Data excerpts:
********************
(* Let $G^\dagger=(V^\dagger,E^\dagger)$ be a graph whose vertex set is partitioned into ''blossom'' vertices and ''non-blossom'' vertices, and let $w^\dagger\in\mathbb{R}^{|E^\dagger|}$. Consider the LP: minimize $w^\dagger\cdot x$ subject to $\sum_{e\in\delta(v)}x_e=1$ for every non-blossom vertex $v\in V^\dagger$, $\sum_{e\in\delta(v)}x_e\ge 1$ for every blossom vertex $v\in V^\dagger$, and $x\in[0,1]^{|E^\dagger|}$. If this LP is feasible, then it has an optimal solution $x^*\in\{0,\tfrac12,1\}^{|E^\dagger|}$ such that the set of edges $e$ with $x^*_e=\tfrac12$ forms a collection of vertex-disjoint odd cycles.
   Context: $\delta(v)$ denotes the set of edges of $G^\dagger$ incident to $v$. *)

From HB Require Import structures.
From mathcomp Require Import all_boot all_order all_algebra.
From mathcomp Require Import reals.
Set Implicit Arguments. Unset Strict Implicit. Unset Printing Implicit Defensive.
Import Order.TTheory GRing.Theory Num.Theory.
Local Open Scope ring_scope.

Definition simple_graph (V : finType) (E : {set {set V}}) : Prop :=
  forall e, e \in E -> #|e| = 2%N.

(* LP weights / points are functions on edges; only their values on E matter. *)
Definition lp_cost (R : realType) (V : finType) (E : {set {set V}})
  (w x : {set V} -> R) : R := \sum_(e in E) w e * x e.

Definition deg_sum (R : realType) (V : finType) (E : {set {set V}})
  (x : {set V} -> R) (v : V) : R := \sum_(e in E | v \in e) x e.

Definition lp_feasible (R : realType) (V : finType) (E : {set {set V}})
  (blossom : {set V}) (x : {set V} -> R) : Prop :=
  [/\ forall v, v \notin blossom -> deg_sum E x v = 1,
      forall v, v \in blossom -> 1 <= deg_sum E x v
    & forall e, e \in E -> 0 <= x e <= 1].

Definition lp_optimal (R : realType) (V : finType) (E : {set {set V}})
  (blossom : {set V}) (w x : {set V} -> R) : Prop :=
  lp_feasible E blossom x /\
  forall y, lp_feasible E blossom y -> lp_cost E w x <= lp_cost E w y.

(* Edge set of the cycle v_0 v_1 ... v_{m-1} v_0 given by the sequence s. *)
Definition cycle_edges (V : finType) (s : seq V) : {set {set V}} :=
  [set [set p.1; p.2] | p in zip s (rot 1 s)].

Definition odd_cycle_seq (V : finType) (s : seq V) : bool :=
  [&& uniq s, (3 <= size s)%N & odd (size s)].

Definition disjoint_odd_cycles (V : finType) (F : {set {set V}}) : Prop :=
  exists cs : seq (seq V),
    [/\ all (@odd_cycle_seq V) cs,
        uniq (flatten cs)
      & F = \bigcup_(c <- cs) cycle_edges c].

From HB Require Import structures.
From mathcomp Require Import all_boot all_order all_algebra.
From mathcomp Require Import reals boolp.
From mathcomp Require Import zify ring lra.
Set Implicit Arguments. Unset Strict Implicit. Unset Printing Implicit Defensive.
Import Order.TTheory GRing.Theory Num.Theory.

(* Every feasible point can be moved, without increasing the cost, to an extreme
   point: as long as some nonzero direction d, supported on the fractional edges,
   keeps every tight vertex constraint tight, move along d or -d (whichever does
   not increase the cost) until a new bound becomes tight, which strictly
   decreases the number of fractional edges plus slack vertices.
   At an extreme point y, let F be the set of fractional edges. A rank argument
   gives |F| <= the number of tight vertices meeting F; each of them meets at
   least two edges of F, since a degree sum equal to 1 cannot contain exactly one
   fractional term. Double counting then shows that every vertex meeting F is
   tight and meets exactly two edges of F. Hence y - 1/2 on F is an admissible
   direction, so y = 1/2 on F, and F is 2-regular, i.e. a disjoint union of
   cycles; an even one would carry the admissible direction +1, -1, +1, ...
   Finally, such half-integral points take finitely many values on the edges,
   and a cheapest one is optimal. *)

Definition edges_at (V : finType) (F : {set {set V}}) (v : V) : {set {set V}} :=
  [set e in F | v \in e].

Definition next_idx (m i : nat) := if i.+1 < m then i.+1 else 0.
Definition prev_idx (m j : nat) := if j == 0 then m.-1 else j.-1.

Lemma next_idx_lt m i : 0 < m -> next_idx m i < m.
Proof. by rewrite /next_idx; case: ifP. Qed.

Lemma prev_idx_lt m j : j < m -> prev_idx m j < m.
Proof. by rewrite /prev_idx; case: ifP => ?; lia. Qed.

Lemma next_idx_eq m i j : i < m -> j < m -> (next_idx m i == j) = (i == prev_idx m j).
Proof. by rewrite /next_idx /prev_idx => ? ?; do 2 case: ifP => ?; lia. Qed.

Lemma prev_idx_neq m j : 1 < m -> j < m -> (j == prev_idx m j) = false.
Proof. by rewrite /prev_idx => ? ?; case: ifP => ?; lia. Qed.

Lemma odd_prev_idx m j : ~~ odd m -> j < m -> odd (prev_idx m j) = ~~ odd j.
Proof. by rewrite /prev_idx => m_even lt_j; case: eqP => [->|/eqP]; lia. Qed.

Section CycleEdges.
Variables (V : finType) (x0 : V).

Definition cycle_edge (c : seq V) i := [set nth x0 c i; nth x0 c (next_idx (size c) i)].

Lemma nth_rot1 (c : seq V) i : i < size c ->
  nth x0 (rot 1 c) i = nth x0 c (next_idx (size c) i).
Proof.
case: c => [|a t] //= lt_i; rewrite rot1_cons nth_rcons /next_idx /= ltnS.
by case: ifP => // ?; have -> : i == size t by lia.
Qed.

Lemma cycle_edgesP (c : seq V) e :
  reflect (exists2 i, i < size c & e = cycle_edge c i) (e \in cycle_edges c).
Proof.
apply: (iffP imsetP) => [[p /(nthP (x0, x0)) [i]]|[i lt_i ->]].
  rewrite size_zip size_rot minnn => lt_i <- ->.
  by exists i; rewrite // nth_zip ?size_rot //= nth_rot1.
exists (nth x0 c i, nth x0 (rot 1 c) i); last by rewrite /= nth_rot1.
by rewrite -nth_zip ?size_rot // mem_nth // size_zip size_rot minnn.
Qed.

Lemma cycle_edge_in (c : seq V) i : i < size c -> cycle_edge c i \in cycle_edges c.
Proof. by move=> lt_i; apply/cycle_edgesP; exists i. Qed.

Lemma mem_cycle_edge (c : seq V) i v : i < size c -> v \in cycle_edge c i -> v \in c.
Proof.
by move=> lt_i; rewrite !inE => /orP[] /eqP ->; rewrite mem_nth ?next_idx_lt //; lia.
Qed.

Variable c : seq V.
Hypothesis c_uniq : uniq c.

Lemma mem_cycle_edge_nth i j : i < size c -> j < size c ->
  (nth x0 c j \in cycle_edge c i) = (i == j) || (i == prev_idx (size c) j).
Proof.
move=> lt_i lt_j; have lt_ni := @next_idx_lt (size c) i.
rewrite !inE !(eq_sym (nth x0 c j)) !nth_uniq ?lt_ni //; try lia.
by rewrite next_idx_eq // eq_sym.
Qed.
********************
From the data above, return every line from the line that has "(* Edge set" up to and including the line that has "[&& uniq s, (3", exactly.

» Exercise answer:
(* Edge set of the cycle v_0 v_1 ... v_{m-1} v_0 given by the sequence s. *)
Definition cycle_edges (V : finType) (s : seq V) : {set {set V}} :=
  [set [set p.1; p.2] | p in zip s (rot 1 s)].

Definition odd_cycle_seq (V : finType) (s : seq V) : bool :=
  [&& uniq s, (3 <= size s)%N & odd (size s)].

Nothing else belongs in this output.